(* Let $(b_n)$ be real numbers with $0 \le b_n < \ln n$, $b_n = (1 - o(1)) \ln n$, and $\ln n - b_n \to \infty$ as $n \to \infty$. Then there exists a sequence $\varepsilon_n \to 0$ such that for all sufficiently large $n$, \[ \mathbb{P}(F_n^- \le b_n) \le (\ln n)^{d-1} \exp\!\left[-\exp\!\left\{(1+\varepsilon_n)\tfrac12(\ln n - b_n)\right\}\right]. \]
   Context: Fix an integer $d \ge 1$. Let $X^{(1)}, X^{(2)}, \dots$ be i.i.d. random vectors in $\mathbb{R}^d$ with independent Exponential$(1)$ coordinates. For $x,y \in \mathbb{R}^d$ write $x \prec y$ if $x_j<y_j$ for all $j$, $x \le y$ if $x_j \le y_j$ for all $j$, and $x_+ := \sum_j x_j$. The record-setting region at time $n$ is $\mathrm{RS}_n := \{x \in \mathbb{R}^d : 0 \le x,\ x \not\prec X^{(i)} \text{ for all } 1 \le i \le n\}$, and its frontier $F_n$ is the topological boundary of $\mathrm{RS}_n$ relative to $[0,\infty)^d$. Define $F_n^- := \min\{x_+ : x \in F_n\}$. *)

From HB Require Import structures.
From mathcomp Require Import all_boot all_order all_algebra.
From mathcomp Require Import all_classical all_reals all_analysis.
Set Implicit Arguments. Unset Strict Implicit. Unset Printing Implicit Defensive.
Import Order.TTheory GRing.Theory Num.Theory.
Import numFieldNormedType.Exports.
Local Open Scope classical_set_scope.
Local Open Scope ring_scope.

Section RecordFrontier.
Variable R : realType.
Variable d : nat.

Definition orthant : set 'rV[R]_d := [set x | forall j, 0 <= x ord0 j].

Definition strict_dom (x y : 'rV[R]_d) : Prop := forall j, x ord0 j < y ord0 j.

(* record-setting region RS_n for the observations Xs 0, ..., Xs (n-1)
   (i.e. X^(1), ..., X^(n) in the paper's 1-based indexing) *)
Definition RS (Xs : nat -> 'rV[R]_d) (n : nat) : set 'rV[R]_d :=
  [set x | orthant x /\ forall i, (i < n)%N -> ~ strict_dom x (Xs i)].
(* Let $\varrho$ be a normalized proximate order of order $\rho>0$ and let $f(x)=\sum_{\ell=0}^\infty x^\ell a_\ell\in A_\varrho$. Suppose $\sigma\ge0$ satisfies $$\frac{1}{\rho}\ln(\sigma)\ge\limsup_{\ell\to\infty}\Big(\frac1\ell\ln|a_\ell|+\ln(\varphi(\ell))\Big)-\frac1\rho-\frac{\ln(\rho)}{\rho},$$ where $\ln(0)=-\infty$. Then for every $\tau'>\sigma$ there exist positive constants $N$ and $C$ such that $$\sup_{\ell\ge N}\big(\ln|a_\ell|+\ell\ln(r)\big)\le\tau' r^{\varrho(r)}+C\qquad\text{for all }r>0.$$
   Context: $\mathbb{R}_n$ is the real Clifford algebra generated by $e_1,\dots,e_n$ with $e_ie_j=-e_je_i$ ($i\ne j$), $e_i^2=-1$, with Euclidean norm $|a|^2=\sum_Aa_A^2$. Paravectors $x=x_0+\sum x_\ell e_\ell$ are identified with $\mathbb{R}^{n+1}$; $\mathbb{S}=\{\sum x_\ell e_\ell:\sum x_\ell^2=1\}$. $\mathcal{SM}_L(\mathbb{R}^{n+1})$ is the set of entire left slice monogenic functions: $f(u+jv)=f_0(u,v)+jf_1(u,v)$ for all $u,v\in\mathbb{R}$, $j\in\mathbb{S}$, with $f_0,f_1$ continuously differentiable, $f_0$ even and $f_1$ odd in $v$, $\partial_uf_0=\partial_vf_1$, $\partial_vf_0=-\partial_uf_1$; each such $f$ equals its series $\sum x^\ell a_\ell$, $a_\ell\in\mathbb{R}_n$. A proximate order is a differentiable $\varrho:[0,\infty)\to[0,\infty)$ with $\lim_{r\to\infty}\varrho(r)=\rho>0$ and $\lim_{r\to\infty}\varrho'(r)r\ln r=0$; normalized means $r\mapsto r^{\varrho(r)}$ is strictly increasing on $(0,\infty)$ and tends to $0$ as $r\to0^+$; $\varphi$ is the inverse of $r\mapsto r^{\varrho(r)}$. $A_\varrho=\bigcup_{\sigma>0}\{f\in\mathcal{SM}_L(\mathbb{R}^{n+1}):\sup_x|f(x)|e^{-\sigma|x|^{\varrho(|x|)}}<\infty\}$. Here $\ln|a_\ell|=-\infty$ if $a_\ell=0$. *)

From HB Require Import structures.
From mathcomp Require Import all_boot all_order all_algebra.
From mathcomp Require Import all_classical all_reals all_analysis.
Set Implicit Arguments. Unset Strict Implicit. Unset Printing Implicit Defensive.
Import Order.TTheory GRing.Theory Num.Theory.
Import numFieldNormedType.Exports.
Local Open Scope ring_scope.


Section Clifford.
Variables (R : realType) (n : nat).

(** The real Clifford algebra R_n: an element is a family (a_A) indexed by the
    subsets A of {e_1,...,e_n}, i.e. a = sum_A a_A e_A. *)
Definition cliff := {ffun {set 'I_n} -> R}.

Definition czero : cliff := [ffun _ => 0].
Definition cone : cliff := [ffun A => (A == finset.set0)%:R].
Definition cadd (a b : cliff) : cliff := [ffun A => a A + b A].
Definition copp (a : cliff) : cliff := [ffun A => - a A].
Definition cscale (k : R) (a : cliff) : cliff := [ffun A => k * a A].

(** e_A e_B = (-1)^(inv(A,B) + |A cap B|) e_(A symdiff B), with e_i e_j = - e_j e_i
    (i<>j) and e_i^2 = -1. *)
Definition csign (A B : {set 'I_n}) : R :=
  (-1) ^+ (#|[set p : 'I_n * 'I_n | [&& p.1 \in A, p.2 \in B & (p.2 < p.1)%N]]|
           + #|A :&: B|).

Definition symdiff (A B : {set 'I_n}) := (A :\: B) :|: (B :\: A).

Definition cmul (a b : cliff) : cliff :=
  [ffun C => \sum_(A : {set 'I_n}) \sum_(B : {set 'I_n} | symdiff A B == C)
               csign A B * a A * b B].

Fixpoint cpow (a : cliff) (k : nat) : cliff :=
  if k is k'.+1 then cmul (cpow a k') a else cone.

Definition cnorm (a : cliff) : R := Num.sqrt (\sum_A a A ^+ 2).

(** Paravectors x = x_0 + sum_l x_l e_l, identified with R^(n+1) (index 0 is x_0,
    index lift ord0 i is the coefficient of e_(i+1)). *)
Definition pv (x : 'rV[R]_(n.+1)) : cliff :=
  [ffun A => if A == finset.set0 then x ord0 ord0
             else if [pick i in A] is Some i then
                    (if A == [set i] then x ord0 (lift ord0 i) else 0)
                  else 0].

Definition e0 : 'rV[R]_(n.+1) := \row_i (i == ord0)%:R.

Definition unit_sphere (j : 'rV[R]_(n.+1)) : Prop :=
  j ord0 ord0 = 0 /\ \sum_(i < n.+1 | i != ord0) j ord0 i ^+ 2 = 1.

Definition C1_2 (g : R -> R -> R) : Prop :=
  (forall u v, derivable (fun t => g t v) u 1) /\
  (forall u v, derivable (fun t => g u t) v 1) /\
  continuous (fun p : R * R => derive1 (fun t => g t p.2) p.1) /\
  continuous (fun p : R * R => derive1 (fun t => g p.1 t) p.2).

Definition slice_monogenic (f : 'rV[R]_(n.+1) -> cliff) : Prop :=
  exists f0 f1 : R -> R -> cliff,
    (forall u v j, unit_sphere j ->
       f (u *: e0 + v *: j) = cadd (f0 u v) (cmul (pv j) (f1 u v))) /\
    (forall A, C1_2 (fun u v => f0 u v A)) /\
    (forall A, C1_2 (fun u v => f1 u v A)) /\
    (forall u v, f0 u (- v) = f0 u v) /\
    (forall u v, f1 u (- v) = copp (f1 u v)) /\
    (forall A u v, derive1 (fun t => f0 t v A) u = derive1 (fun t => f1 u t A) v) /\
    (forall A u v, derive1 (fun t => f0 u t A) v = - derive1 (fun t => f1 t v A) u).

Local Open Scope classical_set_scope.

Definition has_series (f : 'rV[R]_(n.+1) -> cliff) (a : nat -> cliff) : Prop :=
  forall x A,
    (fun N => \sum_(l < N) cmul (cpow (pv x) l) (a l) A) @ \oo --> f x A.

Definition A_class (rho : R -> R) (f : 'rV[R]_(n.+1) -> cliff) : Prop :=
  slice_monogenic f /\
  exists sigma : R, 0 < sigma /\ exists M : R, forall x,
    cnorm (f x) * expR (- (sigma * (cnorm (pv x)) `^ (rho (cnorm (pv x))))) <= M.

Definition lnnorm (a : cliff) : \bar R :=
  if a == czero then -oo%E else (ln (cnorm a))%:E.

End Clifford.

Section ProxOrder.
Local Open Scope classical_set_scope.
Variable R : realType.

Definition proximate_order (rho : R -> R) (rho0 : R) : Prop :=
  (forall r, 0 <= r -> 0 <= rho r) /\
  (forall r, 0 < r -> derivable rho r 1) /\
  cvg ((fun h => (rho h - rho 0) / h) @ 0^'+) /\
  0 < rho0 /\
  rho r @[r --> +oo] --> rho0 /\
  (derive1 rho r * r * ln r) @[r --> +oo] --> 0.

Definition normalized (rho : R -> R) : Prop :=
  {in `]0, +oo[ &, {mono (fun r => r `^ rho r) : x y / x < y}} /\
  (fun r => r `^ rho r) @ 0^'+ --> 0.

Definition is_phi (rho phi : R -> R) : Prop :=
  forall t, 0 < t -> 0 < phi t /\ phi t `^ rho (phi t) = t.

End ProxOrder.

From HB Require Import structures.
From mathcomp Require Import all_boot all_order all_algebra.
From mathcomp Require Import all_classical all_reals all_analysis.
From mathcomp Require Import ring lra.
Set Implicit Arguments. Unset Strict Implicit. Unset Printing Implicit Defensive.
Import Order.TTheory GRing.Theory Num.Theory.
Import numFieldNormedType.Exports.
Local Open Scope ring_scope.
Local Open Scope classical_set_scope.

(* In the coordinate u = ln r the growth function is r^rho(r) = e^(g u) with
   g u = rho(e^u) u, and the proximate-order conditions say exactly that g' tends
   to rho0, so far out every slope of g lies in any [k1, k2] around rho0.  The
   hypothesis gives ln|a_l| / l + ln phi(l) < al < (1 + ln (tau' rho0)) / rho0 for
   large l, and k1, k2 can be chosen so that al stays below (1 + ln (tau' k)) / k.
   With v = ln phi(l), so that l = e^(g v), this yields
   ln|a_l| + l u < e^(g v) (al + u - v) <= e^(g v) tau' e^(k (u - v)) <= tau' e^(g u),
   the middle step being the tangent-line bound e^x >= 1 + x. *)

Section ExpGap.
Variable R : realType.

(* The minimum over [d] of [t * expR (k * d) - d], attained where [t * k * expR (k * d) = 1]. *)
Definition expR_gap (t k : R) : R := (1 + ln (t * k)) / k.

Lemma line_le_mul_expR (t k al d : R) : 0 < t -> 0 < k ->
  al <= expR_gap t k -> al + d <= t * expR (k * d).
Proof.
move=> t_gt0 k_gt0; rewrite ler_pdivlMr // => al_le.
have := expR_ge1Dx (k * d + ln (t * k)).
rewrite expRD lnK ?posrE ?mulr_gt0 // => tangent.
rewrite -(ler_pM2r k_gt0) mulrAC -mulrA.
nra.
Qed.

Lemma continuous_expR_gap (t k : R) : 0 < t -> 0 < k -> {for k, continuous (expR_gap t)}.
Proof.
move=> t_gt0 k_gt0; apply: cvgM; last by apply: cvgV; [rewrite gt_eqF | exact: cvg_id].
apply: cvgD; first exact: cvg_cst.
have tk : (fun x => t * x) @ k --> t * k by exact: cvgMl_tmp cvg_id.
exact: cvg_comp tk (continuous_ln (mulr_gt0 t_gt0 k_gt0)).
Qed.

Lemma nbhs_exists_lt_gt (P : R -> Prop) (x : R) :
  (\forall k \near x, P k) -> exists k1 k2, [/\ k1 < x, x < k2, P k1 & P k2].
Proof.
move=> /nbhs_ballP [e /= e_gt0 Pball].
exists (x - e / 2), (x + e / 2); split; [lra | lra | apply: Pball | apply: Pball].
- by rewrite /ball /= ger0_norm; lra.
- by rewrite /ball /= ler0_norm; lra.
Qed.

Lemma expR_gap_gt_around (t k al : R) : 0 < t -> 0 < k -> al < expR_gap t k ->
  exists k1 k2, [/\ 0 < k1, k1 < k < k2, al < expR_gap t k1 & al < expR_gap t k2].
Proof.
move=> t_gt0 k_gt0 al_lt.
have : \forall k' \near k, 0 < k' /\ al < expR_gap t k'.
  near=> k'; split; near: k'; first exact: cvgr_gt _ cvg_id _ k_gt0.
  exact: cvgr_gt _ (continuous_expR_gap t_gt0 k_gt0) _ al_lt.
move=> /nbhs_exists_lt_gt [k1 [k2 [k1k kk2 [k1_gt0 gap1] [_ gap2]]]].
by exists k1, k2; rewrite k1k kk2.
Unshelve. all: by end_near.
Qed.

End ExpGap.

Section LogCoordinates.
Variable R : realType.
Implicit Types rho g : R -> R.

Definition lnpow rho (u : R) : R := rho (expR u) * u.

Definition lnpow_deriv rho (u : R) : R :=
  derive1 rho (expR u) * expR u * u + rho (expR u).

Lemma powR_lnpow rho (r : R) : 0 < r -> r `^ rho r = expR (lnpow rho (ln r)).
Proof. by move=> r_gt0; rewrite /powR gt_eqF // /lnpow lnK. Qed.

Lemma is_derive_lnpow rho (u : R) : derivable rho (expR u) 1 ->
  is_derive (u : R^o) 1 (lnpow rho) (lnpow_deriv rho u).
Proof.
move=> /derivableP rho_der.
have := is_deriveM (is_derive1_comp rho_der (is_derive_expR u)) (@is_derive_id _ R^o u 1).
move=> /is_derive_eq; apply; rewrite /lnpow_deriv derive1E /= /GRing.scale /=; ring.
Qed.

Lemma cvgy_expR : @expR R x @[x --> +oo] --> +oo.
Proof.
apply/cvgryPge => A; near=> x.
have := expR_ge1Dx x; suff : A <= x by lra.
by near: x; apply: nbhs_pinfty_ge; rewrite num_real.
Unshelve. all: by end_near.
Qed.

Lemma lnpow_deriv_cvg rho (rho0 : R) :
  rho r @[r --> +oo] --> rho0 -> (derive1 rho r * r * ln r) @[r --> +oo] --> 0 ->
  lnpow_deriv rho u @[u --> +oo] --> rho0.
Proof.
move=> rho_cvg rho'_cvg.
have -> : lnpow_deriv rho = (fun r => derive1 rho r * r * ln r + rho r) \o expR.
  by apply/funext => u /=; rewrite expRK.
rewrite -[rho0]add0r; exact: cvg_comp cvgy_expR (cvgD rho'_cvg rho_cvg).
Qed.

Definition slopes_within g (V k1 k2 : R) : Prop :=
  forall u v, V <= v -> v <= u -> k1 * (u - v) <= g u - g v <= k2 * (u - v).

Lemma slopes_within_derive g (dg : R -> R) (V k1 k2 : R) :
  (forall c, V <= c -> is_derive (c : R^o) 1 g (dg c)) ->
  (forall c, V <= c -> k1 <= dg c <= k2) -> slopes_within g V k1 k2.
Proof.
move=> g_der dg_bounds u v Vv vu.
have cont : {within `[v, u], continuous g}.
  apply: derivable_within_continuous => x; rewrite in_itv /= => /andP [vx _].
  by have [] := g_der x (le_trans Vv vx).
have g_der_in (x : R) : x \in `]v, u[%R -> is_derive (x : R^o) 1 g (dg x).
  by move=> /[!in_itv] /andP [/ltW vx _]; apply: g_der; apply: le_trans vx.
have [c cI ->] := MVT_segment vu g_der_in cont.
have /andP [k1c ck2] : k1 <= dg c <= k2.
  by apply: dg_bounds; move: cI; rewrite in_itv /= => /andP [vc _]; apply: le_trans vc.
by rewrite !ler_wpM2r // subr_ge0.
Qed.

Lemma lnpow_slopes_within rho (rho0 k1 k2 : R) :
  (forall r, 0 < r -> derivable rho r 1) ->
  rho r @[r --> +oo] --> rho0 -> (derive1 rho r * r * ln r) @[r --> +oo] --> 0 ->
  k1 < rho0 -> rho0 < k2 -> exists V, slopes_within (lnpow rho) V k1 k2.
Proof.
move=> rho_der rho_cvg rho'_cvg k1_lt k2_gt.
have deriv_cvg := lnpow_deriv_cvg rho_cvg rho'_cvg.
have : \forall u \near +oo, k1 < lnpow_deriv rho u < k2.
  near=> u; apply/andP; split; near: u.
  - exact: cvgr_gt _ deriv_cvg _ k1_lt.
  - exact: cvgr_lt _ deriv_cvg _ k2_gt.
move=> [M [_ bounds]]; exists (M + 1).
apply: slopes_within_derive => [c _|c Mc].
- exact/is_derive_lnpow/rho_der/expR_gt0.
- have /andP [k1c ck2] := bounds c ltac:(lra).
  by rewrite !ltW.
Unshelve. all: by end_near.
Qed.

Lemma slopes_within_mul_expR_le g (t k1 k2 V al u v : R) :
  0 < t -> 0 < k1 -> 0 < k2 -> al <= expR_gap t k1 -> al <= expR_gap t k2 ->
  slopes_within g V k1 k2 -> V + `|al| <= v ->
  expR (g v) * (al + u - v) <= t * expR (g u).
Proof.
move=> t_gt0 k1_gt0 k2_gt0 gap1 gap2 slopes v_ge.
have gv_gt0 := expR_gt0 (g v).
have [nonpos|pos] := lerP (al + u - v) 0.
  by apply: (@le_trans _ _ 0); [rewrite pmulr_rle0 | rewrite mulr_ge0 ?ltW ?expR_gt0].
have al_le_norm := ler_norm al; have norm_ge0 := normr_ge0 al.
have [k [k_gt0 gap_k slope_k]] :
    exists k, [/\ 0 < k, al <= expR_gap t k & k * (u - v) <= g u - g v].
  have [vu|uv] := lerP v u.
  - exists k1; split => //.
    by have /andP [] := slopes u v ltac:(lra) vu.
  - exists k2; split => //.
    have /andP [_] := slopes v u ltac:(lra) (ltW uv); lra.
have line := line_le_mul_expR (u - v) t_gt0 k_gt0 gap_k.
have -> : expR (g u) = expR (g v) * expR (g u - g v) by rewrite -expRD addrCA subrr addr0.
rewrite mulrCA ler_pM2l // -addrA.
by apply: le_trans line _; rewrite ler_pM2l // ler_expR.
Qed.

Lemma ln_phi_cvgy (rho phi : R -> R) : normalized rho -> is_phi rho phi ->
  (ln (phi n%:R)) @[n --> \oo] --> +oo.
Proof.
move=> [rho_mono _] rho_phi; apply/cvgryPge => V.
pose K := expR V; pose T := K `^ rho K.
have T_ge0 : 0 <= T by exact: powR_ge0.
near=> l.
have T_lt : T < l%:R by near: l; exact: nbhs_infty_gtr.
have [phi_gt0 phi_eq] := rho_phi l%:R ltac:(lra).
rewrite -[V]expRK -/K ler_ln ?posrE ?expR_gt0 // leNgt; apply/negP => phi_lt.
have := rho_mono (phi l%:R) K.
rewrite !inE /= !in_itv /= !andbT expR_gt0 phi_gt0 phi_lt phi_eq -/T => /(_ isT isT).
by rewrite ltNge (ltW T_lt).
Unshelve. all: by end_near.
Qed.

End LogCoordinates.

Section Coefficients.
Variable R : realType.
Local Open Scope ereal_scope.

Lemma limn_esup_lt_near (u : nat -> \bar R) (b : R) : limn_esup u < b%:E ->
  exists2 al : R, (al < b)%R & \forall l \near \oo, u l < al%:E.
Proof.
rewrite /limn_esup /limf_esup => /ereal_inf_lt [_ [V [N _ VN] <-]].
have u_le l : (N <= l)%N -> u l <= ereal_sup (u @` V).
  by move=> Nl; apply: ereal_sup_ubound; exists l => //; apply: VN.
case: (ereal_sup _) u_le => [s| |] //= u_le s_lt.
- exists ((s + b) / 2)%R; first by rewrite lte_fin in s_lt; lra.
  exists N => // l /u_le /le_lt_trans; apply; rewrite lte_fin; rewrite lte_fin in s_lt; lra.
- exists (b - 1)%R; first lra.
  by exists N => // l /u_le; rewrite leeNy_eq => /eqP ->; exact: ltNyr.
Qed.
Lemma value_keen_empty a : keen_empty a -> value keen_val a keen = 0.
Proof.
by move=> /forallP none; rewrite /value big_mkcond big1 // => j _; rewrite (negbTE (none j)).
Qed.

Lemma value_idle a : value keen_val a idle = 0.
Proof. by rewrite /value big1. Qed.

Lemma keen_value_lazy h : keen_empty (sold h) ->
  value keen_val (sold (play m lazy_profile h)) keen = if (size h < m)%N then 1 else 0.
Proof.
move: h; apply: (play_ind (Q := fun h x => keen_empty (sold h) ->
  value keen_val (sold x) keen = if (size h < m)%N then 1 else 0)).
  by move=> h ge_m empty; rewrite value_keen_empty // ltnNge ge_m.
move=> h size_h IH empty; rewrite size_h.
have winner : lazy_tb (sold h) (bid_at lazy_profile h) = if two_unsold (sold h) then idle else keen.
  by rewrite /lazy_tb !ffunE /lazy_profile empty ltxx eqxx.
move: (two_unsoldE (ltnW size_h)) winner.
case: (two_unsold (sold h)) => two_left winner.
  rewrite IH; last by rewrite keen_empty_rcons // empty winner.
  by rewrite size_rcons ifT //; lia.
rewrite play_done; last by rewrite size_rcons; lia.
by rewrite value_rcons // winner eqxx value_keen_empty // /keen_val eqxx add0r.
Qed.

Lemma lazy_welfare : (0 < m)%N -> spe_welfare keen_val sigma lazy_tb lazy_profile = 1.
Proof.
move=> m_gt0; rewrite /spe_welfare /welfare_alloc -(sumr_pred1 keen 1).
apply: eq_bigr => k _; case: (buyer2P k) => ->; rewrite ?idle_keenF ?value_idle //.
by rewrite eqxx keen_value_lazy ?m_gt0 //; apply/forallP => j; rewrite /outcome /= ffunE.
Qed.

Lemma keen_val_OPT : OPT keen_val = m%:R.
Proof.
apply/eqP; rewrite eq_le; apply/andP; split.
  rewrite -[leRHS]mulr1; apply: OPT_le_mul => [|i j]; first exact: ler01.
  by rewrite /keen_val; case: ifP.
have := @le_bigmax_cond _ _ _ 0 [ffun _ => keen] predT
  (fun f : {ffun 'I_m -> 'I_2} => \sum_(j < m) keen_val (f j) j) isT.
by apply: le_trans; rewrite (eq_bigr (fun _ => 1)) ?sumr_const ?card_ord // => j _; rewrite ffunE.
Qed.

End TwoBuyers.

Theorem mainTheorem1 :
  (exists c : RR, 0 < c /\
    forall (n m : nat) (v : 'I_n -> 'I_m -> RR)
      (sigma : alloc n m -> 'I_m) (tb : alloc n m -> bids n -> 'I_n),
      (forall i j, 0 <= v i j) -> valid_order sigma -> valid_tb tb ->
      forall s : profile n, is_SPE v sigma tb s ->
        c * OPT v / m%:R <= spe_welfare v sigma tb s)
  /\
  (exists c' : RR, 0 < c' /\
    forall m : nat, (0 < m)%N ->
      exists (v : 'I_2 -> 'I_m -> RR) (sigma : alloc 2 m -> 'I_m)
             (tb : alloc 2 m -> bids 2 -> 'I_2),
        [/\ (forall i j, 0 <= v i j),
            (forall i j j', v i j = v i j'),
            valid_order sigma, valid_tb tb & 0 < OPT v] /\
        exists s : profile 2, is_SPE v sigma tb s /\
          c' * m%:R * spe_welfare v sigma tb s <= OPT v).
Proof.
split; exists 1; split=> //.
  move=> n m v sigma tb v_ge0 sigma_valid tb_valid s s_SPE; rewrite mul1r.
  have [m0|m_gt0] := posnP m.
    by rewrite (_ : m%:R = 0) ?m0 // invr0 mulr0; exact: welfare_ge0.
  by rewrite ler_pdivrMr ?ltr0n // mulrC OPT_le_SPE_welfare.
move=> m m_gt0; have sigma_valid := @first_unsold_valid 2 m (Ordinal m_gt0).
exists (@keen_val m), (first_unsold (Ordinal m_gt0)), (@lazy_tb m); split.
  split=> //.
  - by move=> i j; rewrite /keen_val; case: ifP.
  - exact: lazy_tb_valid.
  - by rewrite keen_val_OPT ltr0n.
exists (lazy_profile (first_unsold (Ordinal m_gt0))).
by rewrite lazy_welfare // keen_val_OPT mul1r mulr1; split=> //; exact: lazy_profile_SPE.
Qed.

■ ■ ■ ■ ■

■ GOAL OF THE EXERCISE ■
Would you print, exactly as written, every line above from the one holding "Proof. by rewrite /value big1. Qed." through the one holding "move: h; apply: (play_ind", with both included and no other lines?

■ OUTPUT OF THE TASK ■
Proof. by rewrite /value big1. Qed.

Lemma keen_value_lazy h : keen_empty (sold h) ->
  value keen_val (sold (play m lazy_profile h)) keen = if (size h < m)%N then 1 else 0.
Proof.
move: h; apply: (play_ind (Q := fun h x => keen_empty (sold h) ->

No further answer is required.